|
Man Bites Planet
News coverage of climate change
Climate change had always been a difficult story to infect with urgency, says Cristine Russell, a former national science reporter for The Washington Post and now a senior fellow at the Belfer Center researching media coverage of science.
In the more than three decades since reports on changes in the earth's weather began appearing, stories were often buried deep in science sections, or they were focused on whether the phenomenon was happening at all.

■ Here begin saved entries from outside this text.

(* Let $(H,\circ,N,\star,\boxdot)$ be a right bracoid, i.e. a right skew bracoid in which $(N,\star)$ is abelian. Then for every $h\in H$ the map $\beta(h):N\to N$, $\eta^{\beta(h)}=\overline{\eta}\star(\eta\boxdot h)\star\overline{(e_N\boxdot h)}$, is an endomorphism of the group $(N,\star)$.
   Context: For a group $(N,\star)$, $e_N$ denotes its identity and $\overline{\eta}$ the inverse of $\eta$. A right skew bracoid is a 5-tuple $(H,\circ,N,\star,\boxdot)$ where $(H,\circ)$ and $(N,\star)$ are groups and $\boxdot$ is a transitive right action of $(H,\circ)$ on the set $N$ such that $(\eta\star\mu)\boxdot h=(\eta\boxdot h)\star\overline{(e_N\boxdot h)}\star(\mu\boxdot h)$ for all $h\in H$, $\eta,\mu\in N$. *)

(* The abelian group (N, star) is modelled as a zmodType
   (star = +, e_N = 0, inverse = -); the possibly non-abelian, possibly
   infinite group (H, o) is given by an explicit carrier with operations. *)
From HB Require Import structures.
From mathcomp Require Import all_boot all_algebra.
Set Implicit Arguments. Unset Strict Implicit. Unset Printing Implicit Defensive.
Import GRing.Theory.
Local Open Scope ring_scope.

Definition is_group (H : Type) (mul : H -> H -> H) (one : H) (inv : H -> H) : Prop :=
  (forall a b c, mul a (mul b c) = mul (mul a b) c) /\
  (forall a, mul one a = a) /\ (forall a, mul a one = a) /\
  (forall a, mul (inv a) a = one) /\ (forall a, mul a (inv a) = one).

Definition is_right_action (H N : Type) (mul : H -> H -> H) (one : H)
    (act : N -> H -> N) : Prop :=
  (forall x, act x one = x) /\
  (forall x g h, act x (mul g h) = act (act x g) h).

Definition is_transitive (H N : Type) (act : N -> H -> N) : Prop :=
  forall x y : N, exists h : H, act x h = y.

Definition is_right_bracoid (H : Type) (mul : H -> H -> H) (one : H) (inv : H -> H)
    (N : zmodType) (act : N -> H -> N) : Prop :=
  [/\ is_group mul one inv,
      is_right_action mul one act,
      is_transitive act &
      forall (h : H) (eta mu : N),
        act (eta + mu) h = act eta h - act 0 h + act mu h].

Definition beta (H : Type) (N : zmodType) (act : N -> H -> N) (h : H) (eta : N) : N :=
  - eta + act eta h - act 0 h.

From mathcomp Require Import all_boot all_algebra.
Local Open Scope ring_scope.
Import GRing.Theory.

(* The bracoid axiom says that eta |-> eta [.] h is affine, i.e. its linear
   part eta |-> eta [.] h - e_N [.] h is additive; in an abelian group,
   beta(h) is that linear part minus the identity, hence additive too. *)

Lemma affine_sub_id_morph_add (N : zmodType) (f : N -> N) :
  (forall x y, f (x + y) = f x - f 0 + f y) ->
  {morph (fun x => - x + f x - f 0) : x y / x + y}.
Proof. by move=> fD x y /=; rewrite fD opprD addrACA -!addrA; congr (_ + _). Qed.

Theorem corollary2p9 (H : Type) (mul : H -> H -> H) (one : H) (inv : H -> H)
    (N : zmodType) (act : N -> H -> N) :
  is_right_bracoid mul one inv act ->
  forall h : H, {morph beta act h : x y / x + y}.
Proof.
move=> [_ _ _ actD] h.
exact: (@affine_sub_id_morph_add N (act^~ h) (actD h)).
Qed.
(* Let $D:\mathbf{Sets}\to\mathbf{cMet}_1$ send a set $X$ to $X$ with the discrete metric ($d(x,y)=1$ for $x\ne y$, $d(x,x)=0$) and a function to itself. Then $\mathbf{CMT}(D X)=\mathbf{U}(X)$ as preorders for every set $X$, and $(D,\mathrm{id})$ is an embedding of universally coherent hyperdoctrines $\mathbf{U}\to\mathbf{CMT}$ which is bijective on predicates. Consequently, for every infinite set $X$ the preorder $\mathbf{CMT}(DX)$ has neither a Heyting negation nor a Heyting implication.
   Context: $\mathbf{cMet}_1$ is the category of complete metric spaces of diameter at most 1 with uniformly continuous maps. For functions $\alpha,\beta:X\to[0,1]$ write $\alpha\sqsubseteq\beta$ if for every $\varepsilon>0$ there exists $\delta>0$ such that for all $x$, $\alpha(x)\le\delta$ implies $\beta(x)\le\varepsilon$. $\mathbf{U}$ is the indexed preorder on $\mathbf{Sets}$ with $\mathbf{U}(X)$ all functions $X\to[0,1]$ under $\sqsubseteq$ and reindexing by precomposition; $\mathbf{CMT}$ is the indexed preorder on $\mathbf{cMet}_1$ with $\mathbf{CMT}(X,d)$ the uniformly continuous functions $(X,d)\to[0,1]$ under $\sqsubseteq$ and reindexing by precomposition. Both are universally coherent hyperdoctrines (meet $=\max$, join $=\min$, $\exists=\inf$ and $\forall=\sup$ over fibres of projections). A morphism of universally coherent hyperdoctrines $(F,\eta):\mathbf P\to\mathbf P'$ (bases $\mathcal C,\mathcal D$) consists of a finite-product-preserving functor $F:\mathcal C\to\mathcal D$ and a pseudonatural transformation $\eta:\mathbf P\to\mathbf P'\circ F^{op}$ whose components preserve finite meets and joins up to isomorphism, commuting up to isomorphism with $\exists_\pi$ and $\forall_\pi$ along projections and preserving equality predicates. It is an embedding if $F$ is full and faithful and each $\eta_X$ reflects the order. A Heyting negation on a preorder with meets and bottom $\bot$ is an operation $\neg$ with $\gamma\wedge\beta\le\bot\iff\gamma\le\neg\beta$ for all $\gamma$. *)

From Stdlib Require Import Reals Lra Classical ClassicalEpsilon List.
From Coquelicot Require Import Coquelicot.
Open Scope R_scope.

Definition in01 {X : Type} (a : X -> R) : Prop := forall x, 0 <= a x <= 1.

Definition sqle {X : Type} (a b : X -> R) : Prop :=
  forall eps, 0 < eps -> exists delta, 0 < delta /\
    forall x, a x <= delta -> b x <= eps.

Definition sqeq {X : Type} (a b : X -> R) : Prop := sqle a b /\ sqle b a.

Record cMet1 := {
  cm_car :> Type;
  cm_d : cm_car -> cm_car -> R;
  cm_nonneg : forall x y, 0 <= cm_d x y;
  cm_refl : forall x, cm_d x x = 0;
  cm_sep : forall x y, cm_d x y = 0 -> x = y;
  cm_sym : forall x y, cm_d x y = cm_d y x;
  cm_tri : forall x y z, cm_d x z <= cm_d x y + cm_d y z;
  cm_diam : forall x y, cm_d x y <= 1;
  cm_complete : forall u : nat -> cm_car,
    (forall eps, 0 < eps -> exists N, forall m n, (N <= m)%nat -> (N <= n)%nat ->
        cm_d (u m) (u n) < eps) ->
    exists l, forall eps, 0 < eps -> exists N, forall n, (N <= n)%nat ->
        cm_d (u n) l < eps
}.

Definition unif_cont (Y Z : cMet1) (f : Y -> Z) : Prop :=
  forall eps, 0 < eps -> exists delta, 0 < delta /\
    forall x y, cm_d Y x y < delta -> cm_d Z (f x) (f y) < eps.

Definition unif_cont_R (Y : cMet1) (a : Y -> R) : Prop :=
  forall eps, 0 < eps -> exists delta, 0 < delta /\
    forall x y, cm_d Y x y < delta -> Rabs (a x - a y) < eps.

Definition ddisc (X : Type) (x y : X) : R :=
  if excluded_middle_informative (x = y) then 0 else 1.

Lemma ddisc_nonneg X x y : 0 <= ddisc X x y.
Proof. unfold ddisc; destruct excluded_middle_informative; lra. Qed.
Lemma ddisc_refl X x : ddisc X x x = 0.
Proof. unfold ddisc; destruct excluded_middle_informative; congruence. Qed.
Lemma ddisc_sep X x y : ddisc X x y = 0 -> x = y.
Proof. unfold ddisc; destruct excluded_middle_informative; auto; lra. Qed.
Lemma ddisc_sym X x y : ddisc X x y = ddisc X y x.
Proof.
  unfold ddisc; do 2 destruct excluded_middle_informative; subst; congruence.
Qed.
Lemma ddisc_tri X x y z : ddisc X x z <= ddisc X x y + ddisc X y z.
Proof.
  unfold ddisc; do 3 destruct excluded_middle_informative; subst; try lra;
  congruence.
Qed.
Lemma ddisc_diam X x y : ddisc X x y <= 1.
Proof. unfold ddisc; destruct excluded_middle_informative; lra. Qed.
Lemma ddisc_lt1 X x y : ddisc X x y < 1 -> x = y.
Proof. unfold ddisc; destruct excluded_middle_informative; auto; lra. Qed.

Lemma ddisc_complete (X : Type) : forall u : nat -> X,
    (forall eps, 0 < eps -> exists N, forall m n, (N <= m)%nat -> (N <= n)%nat ->
        ddisc X (u m) (u n) < eps) ->
    exists l, forall eps, 0 < eps -> exists N, forall n, (N <= n)%nat ->
        ddisc X (u n) l < eps.
Proof.
  intros u Hu. destruct (Hu 1 Rlt_0_1) as [N HN].
  exists (u N). intros eps Heps. exists N. intros n Hn.
  rewrite (ddisc_lt1 X (u n) (u N) (HN n N Hn (le_n N))), ddisc_refl. exact Heps.
Qed.
Lemma shrinkvP (w : gV (shrink S)) : w = None \/ exists2 v, v \notin S & w = shrinkv v.
Proof.
case: w => [[v vS]|]; last by left.
by right; exists v; rewrite // /shrinkv (insubT (fun x => x \notin S) vS).
Qed.

Lemma shrinkv_inj : {in ~: S &, injective shrinkv}.
Proof. by move=> x v _; rewrite inE => vS /eqP; rewrite shrinkv_eq // => /eqP. Qed.

Lemma shrink_edge_outer es : val es \notin inner_edges.
Proof. by case: es => e; rewrite /= inE. Qed.

Lemma expandE_outer Fs e : e \in expandE Fs -> e \notin inner_edges.
Proof. by case/imsetP => es _ ->; apply: shrink_edge_outer. Qed.

Lemma cut_outer e : e \in cut S -> e \notin inner_edges.
Proof. by rewrite !inE; case: (_ \in S); case: (_ \in S). Qed.

Lemma incident_inner e v : e \in inner_edges -> incident e v -> v \in S.
Proof. by rewrite inE /incident => /andP [xS yS] /orP [] /eqP <-. Qed.

Lemma incident_cut e v : v \in S -> e \notin inner_edges -> incident e v -> e \in cut S.
Proof.
rewrite !inE /incident => vS; case: (gends e) => x y /=.
by case: eqP => [->|_]; case: eqP => [->|_]; rewrite ?vS //=; case: (x \in S).
Qed.

Lemma incident_shrinkv es v : v \notin S -> incident es (shrinkv v) = incident (val es) v.
Proof. by move=> vS; rewrite /incident gends_shrink /= !shrinkv_eq. Qed.

Lemma incident_None es : incident es None = (val es \in cut S).
Proof.
rewrite /incident gends_shrink /= !shrinkv_None inE.
by move: (shrink_edge_outer es); rewrite inE; case: (_ \in S); case: (_ \in S).
Qed.

Lemma imset_sep (T U : finType) (f : T -> U) (D : {set T}) (p : pred U) :
  f @: [set x in D | p (f x)] = [set y in f @: D | p y].
Proof.
apply/setP => y; rewrite inE; apply/imsetP/andP => [[x]|[/imsetP [x xD ->] py]].
  by rewrite inE => /andP [xD px] ->; split => //; apply/imsetP; exists x.
by exists x; rewrite // inE xD.
Qed.

Lemma deg_expandE Fs v : v \notin S -> deg_in (expandE Fs) v = deg_in Fs (shrinkv v).
Proof.
move=> vS; rewrite /deg_in /expandE -imset_sep card_imset; last exact: val_inj.
by apply: eq_card => es; rewrite !inE incident_shrinkv.
Qed.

That began to change dramatically in early 2006, according to new research by Russell. Coverage in The New York Times and The Washington Post nearly tripled between the first quarter of 2006 and mid-2007 (see chart). Regional newspapers, national news magazines, and television news programs also showed dramatic increases.
---------------------------------------------------------------
FACT Increasing climate change coverage
The New York Times and The Washington Post, first quarter 2006 through second quarter 2007

---------------------------------------------------------------
The success of Al Gore's film, An Inconvenient Truth, in the spring of 2006 and the release of the Intergovernmental Panel on Climate Change's report in early 2007 essentially marked the end of the arguments over whether climate change was real and prodded the media to look at the substance of the issue.
"The story jumped out of the science pages," Russell says. And not just onto the front pages -- political, business, even travel reporters added new dimensions to the coverage. Striking visual imagery, such as melting polar ice and imperiled polar bears, helped propel coverage in television and news magazines.
The tone of stories also changed. With the realization that changes were already happening, and that others were perhaps not so far off into the future as once thought, coverage was infected with that once elusive sense of urgency.
"It became a story not about whether it was happening, but about why it was happening," Russell says.
Interest appears not to have been temporary, the research shows, and the number of stories continues to remain high. With coverage evolving, Russell speculates, "the next era...will be about what to do about it."